I studied physics in college, but I’ve never particularly used it other than for the occasional IKEA project.
When you think about it though, physics can be used to describe certain business and market trends. For example, classical mechanics provides a unique perspective when analyzing the lifecycle of technological innovations, particularly those from established companies.
Let’s borrow three physics concepts for the purposes of this article: potential energy, defined here as the value of the innovation based on its position in the ecosystem; kinetic energy, as the value of the innovation based on its use; and work, as the productivity when potential energy is converted to kinetic energy.
When viewed through this lens successful innovations follow a fairly typical pattern in their early phases:
- The company wants the maximum potential energy at announcement time. In other words, roll the biggest possible boulder off the largest possible cliff. While startups pitch their ideas, established companies work in deep secrecy right up to the announcement.
- As the boulder rolls down the cliff and the initial potential energy is converted to kinetic, the company has a window of high profitability. Customers experience productivity gains as the potential of the innovation is converted to kinetic energy.
- Competition begins chase and uses the advantage of drafting to catch and possibly even slingshot past the original innovator.
- The innovator will attempt to reclaim some potential energy to push the boulder back up the hill with a series of incremental enhancements. These will be met with diminishing returns.
- The public will lose interest. Nature abhors a vacuum — and realized potential bores the street.
A clear recent example is the iPhone. Let’s follow its early phase:
- It all starts with Steve Jobs’ announcement of the iPhone. The room is crackling with potential energy!
- The iPhone becomes ubiquitous and Apple reaps record profits.
- Android swoops in and, arguably, surpasses the iPhone both technically and in raw sales numbers.
- Each new iPhone release is met with less fanfare and less revenue. The iPhone 5 is particularly disappointing.
- Apple’s stock price drops 300 points in the last twelve months.
Now, this pattern may feel discouraging, but does that mean Apple regrets the iPhone? Hardly. It’s been proven to be one of the most significant innovations of the early 21st century, providing incredible productivity for its users and tremendous benefits to Apple.
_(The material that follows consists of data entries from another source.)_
Lemma other_side_sub U (Y : {set T}) y y' :
  side_of e U y != side_of e U y' ->
  Y :&: side_of e U y \subset Y :\: (U :|: side_of e U y').
Proof.
move=> yy'; apply/subsetP => z; rewrite in_setI => /andP [zY zy].
by rewrite in_setD in_setU zY (negbTE (side_notin zy)) (side_other zy yy').
Qed.

Lemma third_side U (A1 A2 : {set T}) : 3 <= #|sides e U| ->
  exists2 x, x \notin U & (side_of e U x != A1) && (side_of e U x != A2).
Proof.
rewrite (cardsD1 A1) (cardsD1 A2 (sides e U :\ A1)) => three.
have : 0 < #|sides e U :\ A1 :\ A2|.
  by move: three; set n := #|_ :\ A2|; case: (_ \in _); case: (_ \in _); lia.
case/card_gt0P => A; rewrite !in_setD1.
move=> /and3P [A2A A1A /imsetP [x + eA]]; subst A.
by rewrite inE => xU; exists x; rewrite // A1A A2A.
Qed.

Lemma other_sides_sum_le U (Y : {set T}) x0 :
  (forall z, z \notin U -> z \notin side_of e U x0 -> z \in Y) ->
  \sum_(A in sides e U | A != side_of e U x0) #|A|
    <= #|Y :\: (U :|: side_of e U x0)|.
Proof.
move=> inY; rewrite (eq_bigl [in sides e U :\ side_of e U x0]); last first.
  by move=> A; rewrite in_setD1 andbC.
have := trivIsetS (subD1set (sides e U) (side_of e U x0)) (sides_trivI U).
move/eqP => ->.
apply/subset_leq_card/subsetP => z /bigcupP [A + zA].
rewrite in_setD1 => /andP [Ax0 /imsetP [y _ eA]]; subst A.
have zx0 := side_other zA Ax0.
by rewrite in_setD in_setU negb_or (side_notin zA) zx0 inY ?(side_notin zA).
Qed.
End Sides.

Lemma card_split3 (T : finType) (X Y Z : {set T}) : [disjoint Y & Z] ->
  #|X :&: Y| + #|X :&: Z| + #|X :\: (Y :|: Z)| = #|X|.
Proof.
move=> YZ; rewrite -(cardsID (Y :|: Z) X) setIUr; congr (_ + _).
apply/esym/eqP; rewrite (leq_card_setU _ _).2.
exact: disjointW (subsetIr _ _) (subsetIr _ _) YZ.
Qed.

Lemma outside_two (T : finType) (U W : {set T}) :
  #|U| + #|W| < #|T| -> exists x, x \notin U /\ x \notin W.
Proof.
move=> UWsmall; have : 0 < #|~: (U :|: W)|.
  by have := cardsC (U :|: W); have := (leq_card_setU U W).1; lia.
by case/card_gt0P => x; rewrite !inE negb_or => /andP []; exists x.
Qed.

(* Throughout, U and W are kappa-cuts of a graph with symmetric adjacency
   and W is not laminar to U: it leaves every side of U. *)
Section Crossing.
Variables (T : finType) (e : rel T) (U W : {set T}).
Hypothesis esym : symmetric e.
Hypotheses (HUk : #|U| = kappa e) (HWk : #|W| = kappa e).
Hypothesis cross : forall x, x \notin U -> ~~ (W \subset U :|: side_of e U x).

Local Notation sideU := (side_of e U).
Local Notation sideW := (side_of e W).

Lemma cross_escape x : x \notin U -> exists w, w \in W :\: (U :|: sideU x).
Proof. by move=> /cross /subsetPn [w wW wUA]; exists w; rewrite in_setD wUA. Qed.

(* Corner inequality: for x outside U and W, the corner set
   (W n A) u (U n W) u (U n B) cuts A n B off a vertex of W outside U u A. *)
Lemma corner_ineq x : x \notin U -> x \notin W ->
  kappa e <= #|W :&: sideU x| + #|U :&: W| + #|U :&: sideW x|.
Proof.
move=> xU xW; have [w] := cross_escape xU.
rewrite in_setD in_setU negb_or => /andP [/andP [wU wA] wW].
set S := W :&: sideU x :|: U :&: W :|: U :&: sideW x.
have cutS : is_cut e S.
  apply: (@sep_cut _ _ S (sideU x :&: sideW x) x w).
  - by rewrite in_setI !side_self.
  - rewrite disjoints_subset; apply/subsetP => y; rewrite in_setI => /andP [yA yB].
    rewrite in_setC !in_setU !in_setI (negbTE (side_notin yA)).
    by rewrite (negbTE (side_notin yB)) !andbF.
  - move=> y z; rewrite in_setI => /andP [yA yB] yz.
    have zA := side_step yA yz; have zB := side_step yB yz.
    rewrite !in_setU !in_setI.
    case: (boolP (z \in U)) => zU; case: (boolP (z \in W)) => zW.
    + by rewrite /= !orbT.
    + by rewrite (zB zW) /= !orbT.
    + by rewrite (zA zU) /= !orbT.
    + by rewrite (zA zU) (zB zW).
  - by rewrite in_setI (negbTE wA).
  - by rewrite !in_setU !in_setI wW (negbTE wA) (negbTE wU).
apply: leq_trans (kappa_le cutS) _.
apply: leq_trans (leq_card_setU _ _).1 _; rewrite leq_add2r.
exact: (leq_card_setU _ _).1.
Qed.

Lemma corner_W x : x \notin U -> x \notin W ->
  #|W :\: (U :|: sideU x)| <= #|U :&: sideW x|.
Proof.
move=> xU xW; have := card_split3 W (side_disjoint e U x).
by have := corner_ineq xU xW; rewrite [U :&: W]setIC HWk; lia.
Qed.

Lemma corner_U x : x \notin U -> x \notin W ->
  #|U :\: (W :|: sideW x)| <= #|W :&: sideU x|.
Proof.
move=> xU xW; have := card_split3 U (side_disjoint e W x).
by have := corner_ineq xU xW; rewrite HUk; lia.
Qed.

Lemma U_meets_sideW x :
  x \notin U -> x \notin W -> exists u, u \in U :&: sideW x.
Proof.
move=> xU xW; apply/card_gt0P; apply: leq_trans (corner_W xU xW).
by have [w wD] := cross_escape xU; apply/card_gt0P; exists w.
Qed.

Hypothesis cutW : is_cut e W.

(* Every side of U meets W; otherwise U would lie in W plus one W-side and
   W could not be a cut. *)
Lemma W_meets_sideU x : x \notin U -> exists w, w \in W :&: sideU x.
Proof.
move=> xU; apply/set0Pn/negP => /eqP noW.
have xW : x \notin W.
  by apply/negP => xW; have := in_set0 x; rewrite -noW in_setI xW side_self.
have UWB : U \subset W :|: sideW x.
  by have := corner_U xU xW; rewrite noW cards0 leqn0 cards_eq0 setD_eq0.
have inUWB z : z \in U -> z \notin W -> z \in sideW x.
  by move=> zU zW; move/subsetP/(_ z zU): UWB; rewrite in_setU (negbTE zW).
suff oneW : forall y, y \notin W -> y \in sideW x.
  by move/negP: (not_cut_one_side esym oneW).
move=> y yW; case: (boolP (y \in U)) => yU; first exact: inUWB.
have [u] := U_meets_sideW yU yW; rewrite in_setI => /andP [uU uy].
have ux := inUWB u uU (side_notin uy).
by rewrite -(side_eq_common esym uy ux) side_self.
Qed.

Hypothesis three_sides : 3 <= #|sides e U|.

(* Vertices outside U and W in different sides of U share their W-side:
   otherwise, with a vertex of W in a third side of U, the corner
   inequalities give |W \ (U u A)| <= |U n B| <= |U \ (W u B')|
   <= |W n A'| < |W \ (U u A)|. *)
Lemma no_double_split x x' :
  x \notin U -> x \notin W -> x' \notin U -> x' \notin W ->
  sideU x != sideU x' -> sideW x = sideW x'.
Proof.
move=> xU xW x'U x'W AA'; case: (eqVneq (sideW x) (sideW x')) => // BB'.
have [x'' x''U /andP [A''A A''A']] :=
  third_side (sideU x) (sideU x') three_sides.
have [w''] := W_meets_sideU x''U; rewrite in_setI => /andP [w''W w''A''].
have WA'_lt : #|W :&: sideU x'| < #|W :\: (U :|: sideU x)|.
  apply/proper_card/properP; split.
    by apply: (other_side_sub esym); rewrite eq_sym.
  exists w''; last by rewrite in_setI w''W (side_other esym w''A'' A''A').
  rewrite in_setD in_setU w''W (negbTE (side_notin w''A'')).
  by rewrite (side_other esym w''A'' A''A).
have UB_le : #|U :&: sideW x| <= #|U :\: (W :|: sideW x')|.
  exact/subset_leq_card/(other_side_sub esym).
have := corner_W xU xW; have := corner_U x'U x'W; lia.
Qed.

Hypotheses (cutU : is_cut e U) (U_not_small : ~ small_I e U (kappa e - 1)).

(* All vertices outside U and W lie in a single side of W; otherwise all
   sides of U but one lie inside W, contradicting U not being small. *)
Lemma sideW_const x x' :
  x \notin U -> x \notin W -> x' \notin U -> x' \notin W -> sideW x = sideW x'.
Proof.
move=> xU xW x'U x'W; case: (eqVneq (sideW x) (sideW x')) => // BB'.
case: (eqVneq (sideU x) (sideU x')) => [AA'|]; last first.
  by move/(no_double_split xU xW x'U x'W)/eqP; rewrite (negbTE BB').
have outW z : z \notin U -> z \notin sideU x -> z \in W.
  move=> zU zA; apply: contraT => zW.
  have zx : sideU z != sideU x by apply: contra zA => /eqP <-; rewrite side_self.
  have zx' : sideU z != sideU x' by rewrite -AA'.
  move: BB'; rewrite -(no_double_split zU zW xU xW zx).
  by rewrite -(no_double_split zU zW x'U x'W zx') eqxx.
have sum_gt := not_small_sum cutU U_not_small (side_in_sides e xU).
have sum_le := other_sides_sum_le esym outW.
have [u] := U_meets_sideW x'U x'W; rewrite in_setI => /andP [uU ux'].
have UB_lt : #|U :&: sideW x| < #|U|.
  apply/proper_card/properP; split; first exact: subsetIl.
  by exists u; rewrite // in_setI uU (side_other esym ux') // eq_sym.
have := corner_W xU xW; lia.
Qed.

(* Hence W is (I,kappa-1)-small: its other sides lie in U \ (W u B0),
   which misses the vertices of U in B0. *)
Lemma W_small x0 : x0 \notin U -> x0 \notin W -> small_I e W (kappa e - 1).
Proof.
move=> x0U x0W; split=> //; exists (sideW x0); first exact: side_in_sides.
have inU z : z \notin W -> z \notin sideW x0 -> z \in U.
  move=> zW zB; apply: contraT => zU.
  by rewrite -(sideW_const zU zW x0U x0W) side_self in zB.
apply: leq_trans (other_sides_sum_le esym inU) _.
have [u] := U_meets_sideW x0U x0W; rewrite in_setI => /andP [uU ux0].
have : #|U :\: (W :|: sideW x0)| < #|U|.
  apply/proper_card/properP; split; first exact: subsetDl.
  by exists u; rewrite // in_setD in_setU ux0 orbT.
lia.
Qed.
End Crossing.

Theorem corollary1 (T : finType) (e : rel T)
  (Hsimple : simple_graph e) (Hconn : graph_connected e)
  (Hnc : non_complete e) (Hkappa : 4 * kappa e < #|T|)
  (U : {set T}) (HU : is_cut e U) (HUk : #|U| = kappa e)
  (HUns : ~ small_I e U (kappa e - 1)) (HU3 : 3 <= #|sides e U|)
  (W : {set T}) (HW : is_cut e W) (HWk : #|W| = kappa e) (HWU : W != U) :
  laminar_cut e U W \/ small_I e W (kappa e - 1).
Proof.
have [esym _] := Hsimple.
case: (boolP [exists A in sides e U, W \subset U :|: A]) => [|not_laminar].
  by case/existsP => A /andP [AU WA]; left; split=> //; exists A.
have cross x : x \notin U -> ~~ (W \subset U :|: side_of e U x).
  move=> xU; apply: contra not_laminar => WA.
  by apply/existsP; exists (side_of e U x); rewrite side_in_sides.
have [x0 [x0U x0W]] : exists x0, x0 \notin U /\ x0 \notin W.
  by apply: outside_two; rewrite HUk HWk; lia.
by right; exact: (W_small esym HUk HWk cross HW HU3 HU HUns x0U x0W).
Qed.
(* Let $\mathcal{P}=((v_1,\dots,v_p),(v'_0,\dots,v'_{p+1}))$ be a dangerous caterpillar structure for an assignment $(x,y)$. Let $i$ be an index with $v_i\in\Gamma(\mathcal{P})$ and $L(v_i)=\min_{v\in\Gamma(\mathcal{P})}L(v)$, and let $j\in\{0,\dots,p+1\}$ be an index with $v'_j\ne\mathrm{nil}$ and $L(v'_j)>L(v_i)$. Then for every $a$ with $1\le a\le p$ and $\min(i,j)\le a\le\max(i,j)$ we have $L(v_a)\ge L(v_i)$.
   Context: $G=(V,E)$ undirected unweighted, $\mathrm{dist}_G$ shortest-path distance, $L:V\to\mathbb{N}$. An assignment is $x:V\times V\to\mathbb{R}_{\ge0}$, $y:V\to\mathbb{R}_{\ge0}$. A $\delta$-caterpillar structure for $(x,y)$ is a sequence of distinct vertices $P=(v_1,\dots,v_p)$ with a sequence $P'=(v'_0,\dots,v'_{p+1})$ such that: (i) $y_{v_i}=1$ for $i=1..p$; (ii) $\mathrm{dist}_G(v_i,v_{i+1})\le\delta$ for $i=1..p-1$; (iii) each $v'_i$ is $\mathrm{nil}$ or a vertex not in $\{v_1,\dots,v_p\}$; (iv) for $1\le i\le p$, if $v'_i\ne\mathrm{nil}$ then $L(v_i)\ge L(v'_i)$, $0<y_{v'_i}<1$, $\mathrm{dist}_G(v_i,v'_i)\le\delta$; (v) if $v'_0\ne\mathrm{nil}$ then $\mathrm{dist}_G(v'_0,v_1)\le\delta$ and $0<y_{v'_0}<1$; (vi) if $v'_{p+1}\ne\mathrm{nil}$ then $\mathrm{dist}_G(v'_{p+1},v_p)\le\delta$ and $0<y_{v'_{p+1}}<1$; (vii) non-nil entries of $P'$ are pairwise distinct; (viii) $\sum_{v\in V(P')}y_v$ is an integer, where $V(P')$ is the set of non-nil entries. For such $\mathcal{P}$, $\Gamma(\mathcal{P})$ is the set of $v_i$ ($1\le i\le p$) for which there exist $0\le i_0<i<i_1\le p+1$ with $v'_{i_0}\ne\mathrm{nil}$, $L(v'_{i_0})>L(v_i)$, $v'_{i_1}\ne\mathrm{nil}$, $L(v'_{i_1})>L(v_i)$. $\mathcal{P}$ is safe if $\Gamma(\mathcal{P})=\emptyset$ and dangerous otherwise. *)

From HB Require Import structures.
From mathcomp Require Import all_boot all_order all_algebra.
Set Implicit Arguments. Unset Strict Implicit. Unset Printing Implicit Defensive.
Import Order.TTheory GRing.Theory Num.Theory.
Local Open Scope ring_scope.

Definition simple_graph (V : finType) (e : rel V) : Prop :=
  symmetric e /\ irreflexive e.

Definition dist_le (V : finType) (e : rel V) (u w : V) (d : nat) : Prop :=
  exists s : seq V, [/\ path e u s, last u s = w & (size s <= d)%N].

Definition assignment (R : realFieldType) (V : finType)
  (x : V -> V -> R) (y : V -> R) : Prop :=
  (forall u w, 0 <= x u w) /\ (forall u, 0 <= y u).

(* A delta-caterpillar structure: P = (v 1, ..., v p), P' = (v' 0, ..., v' (p+1)),
   with None encoding nil. *)
Definition caterpillar (R : realFieldType) (V : finType) (e : rel V) (L : V -> nat)
  (y : V -> R) (delta : nat) (p : nat) (v : nat -> V) (v' : nat -> option V) : Prop :=
  (forall i j, (1 <= i <= p)%N -> (1 <= j <= p)%N -> v i = v j -> i = j) /\
  (forall i, (1 <= i <= p)%N -> y (v i) = 1) /\
  (forall i, (1 <= i)%N -> (i < p)%N -> dist_le e (v i) (v i.+1) delta) /\
  (forall i w, (i <= p.+1)%N -> v' i = Some w ->
     forall k, (1 <= k <= p)%N -> w <> v k) /\
  (forall i w, (1 <= i <= p)%N -> v' i = Some w ->
     [/\ (L w <= L (v i))%N, 0 < y w, y w < 1 & dist_le e (v i) w delta]) /\
  (forall w, v' 0%N = Some w -> dist_le e w (v 1%N) delta /\ 0 < y w /\ y w < 1) /\
  (forall w, v' p.+1 = Some w -> dist_le e w (v p) delta /\ 0 < y w /\ y w < 1) /\
  (forall i j w, (i <= p.+1)%N -> (j <= p.+1)%N -> v' i = Some w -> v' j = Some w -> i = j) /\
  (exists z : int,
     \sum_(u in [set u : V | [exists k : 'I_p.+2, v' k == Some u]]) y u = z%:~R).

Definition Gamma_index (V : finType) (L : V -> nat) (p : nat)
  (v : nat -> V) (v' : nat -> option V) (i : nat) : Prop :=
  (1 <= i <= p)%N /\
  exists i0 i1 w0 w1, (i0 < i)%N /\ (i < i1)%N /\ (i1 <= p.+1)%N /\
     v' i0 = Some w0 /\ (L (v i) < L w0)%N /\ v' i1 = Some w1 /\ (L (v i) < L w1)%N.

Definition Gamma (V : finType) (L : V -> nat) (p : nat)
  (v : nat -> V) (v' : nat -> option V) (u : V) : Prop :=
  exists i, Gamma_index L p v v' i /\ u = v i.

Definition dangerous (V : finType) (L : V -> nat) (p : nat)
  (v : nat -> V) (v' : nat -> option V) : Prop :=
  exists u, Gamma L p v v' u.

From HB Require Import structures.
From mathcomp Require Import all_boot all_order all_algebra.
From mathcomp Require Import zify.

(* Let v_i be a vertex of Gamma(P) of minimum label and let
   v'_j be a leg with L(v'_j) > L(v_i).  Suppose some v_a strictly between
   positions i and j had L(v_a) < L(v_i).  Then a <> j, since a leg v'_a
   satisfies L(v'_a) <= L(v_a) by (iv).  Now v_a has a heavy leg on either
   side: v'_j on one side, and on the other side the witness leg of v_i
   lying beyond i (both are heavier than v_i, hence than v_a).  So v_a is in
   Gamma(P) with a smaller label than v_i, contradicting minimality. *)

Section CaterpillarFacts.

Variables (R : realFieldType) (V : finType) (e : rel V) (L : V -> nat).
Variables (y : V -> R) (delta p : nat) (v : nat -> V) (v' : nat -> option V).
Hypothesis Pcat : caterpillar e L y delta p v v'.

Lemma caterpillar_spine_inj k l :
  (1 <= k <= p)%N -> (1 <= l <= p)%N -> v k = v l -> k = l.
Proof. by case: Pcat => inj _; apply: inj. Qed.

Lemma caterpillar_leg_label a u :
  (1 <= a <= p)%N -> v' a = Some u -> (L u <= L (v a))%N.
Proof.
case: Pcat => _ [_ [_ [_ [leg _]]]] ap Eu.
by have [] := leg a u ap Eu.
Qed.

Lemma Gamma_spine_index k :
  (1 <= k <= p)%N -> Gamma L p v v' (v k) -> Gamma_index L p v v' k.
Proof.
move=> kp [l [Gl Evl]].
have El : l = k by apply: caterpillar_spine_inj (proj1 Gl) kp (esym Evl).
by rewrite -El.
Qed.

End CaterpillarFacts.

Arguments caterpillar_leg_label {R V e L y delta p v v'} Pcat {a u}.
Arguments Gamma_spine_index {R V e L y delta p v v'} Pcat {k}.

(* Transfer of Gamma-membership: if v_i is in Gamma(P) via index i and v'_j
   is a leg heavier than v_i, then every spine vertex v_a strictly between
   positions i and j whose label does not exceed L(v_i) is in Gamma(P) too:
   v'_j is a heavy leg on one side of a, and the witness of v_i on the far
   side of i is a heavy leg on the other side. *)
Lemma Gamma_index_between {V : finType} {L : V -> nat} {p : nat}
  {v : nat -> V} {v' : nat -> option V} {i j a : nat} {w : V} :
  Gamma_index L p v v' i ->
  (j <= p.+1)%N -> v' j = Some w -> (L (v i) < L w)%N ->
  (1 <= a <= p)%N -> a <> i -> a <> j -> (minn i j <= a <= maxn i j)%N ->
  (L (v a) <= L (v i))%N ->
  Gamma_index L p v v' a.
Proof.
move=> [_ [i0 [i1 [w0 [w1 [i0i [ii1 [i1p [Ew0 [Lw0 [Ew1 Lw1]]]]]]]]]]].
move=> jp Ew Lw ap ai aj aij Lai; split=> //.
have [ji | ij] := ltnP j i.
- by exists j, i1, w, w1; do 6 (split; first by lia || done); lia.
- by exists i0, j, w0, w; do 6 (split; first by lia || done); lia.
Qed.

Theorem mainTheorem13 (R : realFieldType) (V : finType) (e : rel V)
  (L : V -> nat) (x : V -> V -> R) (y : V -> R) (delta p : nat)
  (v : nat -> V) (v' : nat -> option V) (i j : nat) (w : V) :
  simple_graph e ->
  assignment x y ->
  caterpillar e L y delta p v v' ->
  dangerous L p v v' ->
  (1 <= i <= p)%N ->
  Gamma L p v v' (v i) ->
  (forall u, Gamma L p v v' u -> (L (v i) <= L u)%N) ->
  (j <= p.+1)%N ->
  v' j = Some w ->
  (L (v i) < L w)%N ->
  forall a, (1 <= a <= p)%N -> (minn i j <= a <= maxn i j)%N ->
  (L (v i) <= L (v a))%N.
Proof.
move=> _ _ Pcat _ ip Gi Gmin jp Ew Lw a ap aij.
rewrite leqNgt; apply/negP => Lai.
have ai : a <> i by move=> Eai; rewrite Eai ltnn in Lai.
have aj : a <> j.
  move=> Eaj; rewrite -Eaj in Ew.
  by have := caterpillar_leg_label Pcat ap Ew; lia.
have Ga : Gamma L p v v' (v a).
  have Gi_idx := Gamma_spine_index Pcat ip Gi.
  have Ga_idx := Gamma_index_between Gi_idx jp Ew Lw ap ai aj aij (ltnW Lai).
  by exists a.
by have := Gmin _ Ga; lia.
Qed.
(* Let $N+1\ge 10$ and $m=\lfloor (N+1)/10\rfloor$. Let $\rho_1,\dots,\rho_{N+1}$ be a multiset of transfer exponents to a target $\mathcal{D}$ (with common constant $C_\rho$), ordered as $\rho_{(1)}\le\dots\le\rho_{(N+1)}$, and let $P_1,\dots,P_{N+1}$ be distributions such that $P_t$ has transfer exponent $\rho_t$ to $\mathcal{D}$; let $P_{(t)}$ denote the distribution with exponent $\rho_{(t)}$. Draw $i_1,\dots,i_{N+1}$ i.i.d. from $\mathrm{Unif}(\{1,\dots,m\})$ and set $Q_t=P_{(i_t)}$. Then with probability at least $0.97$ there exists a permutation $\pi$ of $[N+1]$ with $i_{\pi(t)}\le t$ for all $t\in[N+1]$; in particular, on this event $Q_{\pi(t)}$ has transfer exponent $\rho_{(t)}$ to $\mathcal{D}$ for every $t$, i.e. some permutation of $Q_1,\dots,Q_{N+1}$ admits the transfer exponents $\rho_{(1)},\dots,\rho_{(N+1)}$.
   Context: A distribution $P$ has transfer exponent $\rho>0$ to $\mathcal{D}$ with respect to a concept class $\mathcal{H}$ (with constant $C_\rho\ge2$) if $\mathcal{E}_{\mathcal{D}}(h)\le C_\rho(\mathcal{E}_P(h))^{1/\rho}$ for all $h\in\mathcal{H}$, where $\mathcal{E}_P(h)=\mathrm{er}_P(h)-\inf_{h'\in\mathcal{H}}\mathrm{er}_P(h')$ and $\mathrm{er}_P(h)=P\{(x,y):h(x)\ne y\}$. *)

From HB Require Import structures.
From mathcomp Require Import all_boot all_order all_algebra all_fingroup.
From mathcomp Require Import all_classical all_reals all_analysis.
Set Implicit Arguments. Unset Strict Implicit. Unset Printing Implicit Defensive.
Import Order.TTheory GRing.Theory Num.Theory.
Local Open Scope classical_set_scope.
Local Open Scope ring_scope.

Section Transfer.
Context {d : measure_display} {X : measurableType d} {R : realType}.

Definition er (P : probability (X * bool)%type R) (h : X -> bool) : R :=
  fine (P [set xy | h xy.1 != xy.2]).

Definition excess (H : set (X -> bool)) (P : probability (X * bool)%type R)
  (h : X -> bool) : R :=
  er P h - inf [set er P h' | h' in H].

Definition has_transfer_exponent (H : set (X -> bool)) (C : R)
  (P D : probability (X * bool)%type R) (rho : R) : Prop :=
  0 < rho /\ 2 <= C /\
  forall h, H h -> excess H D h <= C * powR (excess H P h) (rho^-1).
End Transfer.

From HB Require Import structures.
From mathcomp Require Import all_boot all_order all_algebra all_fingroup.
From mathcomp Require Import all_classical all_reals all_analysis.
From mathcomp Require Import zify ring lra.
Import Order.TTheory GRing.Theory Num.Theory.
Set Implicit Arguments. Unset Strict Implicit. Unset Printing Implicit Defensive.

(* A draw [i] admits the permutation as soon as it satisfies Hall's condition
   [#{t | i t < a} >= a] for every [a < m]: listing the indices by increasing
   [i t] puts the [t]-th one at a value [<= t].  Hall's condition fails at
   [a = 1] with probability [(1 - 1/m)^(N+1) <= 2^-10], and at [a >= 2] with
   probability at most [2^(a-1) (1 - a/2m)^(N+1) <= 2^-(4a+1)]: give weight [1]
   to the values below [a] and [2] to the others, and compare the weight of a
   deficient draw with the total weight.  Summing over [a], the failure
   probability is below [1/64].  Since excess risks lie in [0, 1], a transfer
   exponent may be replaced by any larger one, so [i (pi t) <= t] yields the
   exponent [rho_(t)] for [Q_(pi t)]. *)

Definition count_below n m (i : 'I_n -> 'I_m) (a : nat) : nat :=
  #|[pred s | i s < a]|.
Most technological innovations follow this same rough pattern. What’s changed dramatically, however, is the length of an innovation’s lifespan. Just compare the lifecycle of the telegraph to that of the CD. The telegraph came out in 1837 and was still in use during WWII, while the CD came out in 1982 and began to lose its appeal as early as 2001 when the iPod was introduced.
What about when an innovation goes kinetic and its worth is predominately based on what it currently does rather than what it may do in the future? In a subsequent blog, we’ll take a look at this late phase of innovation, concentrating on the IBM mainframe as our example.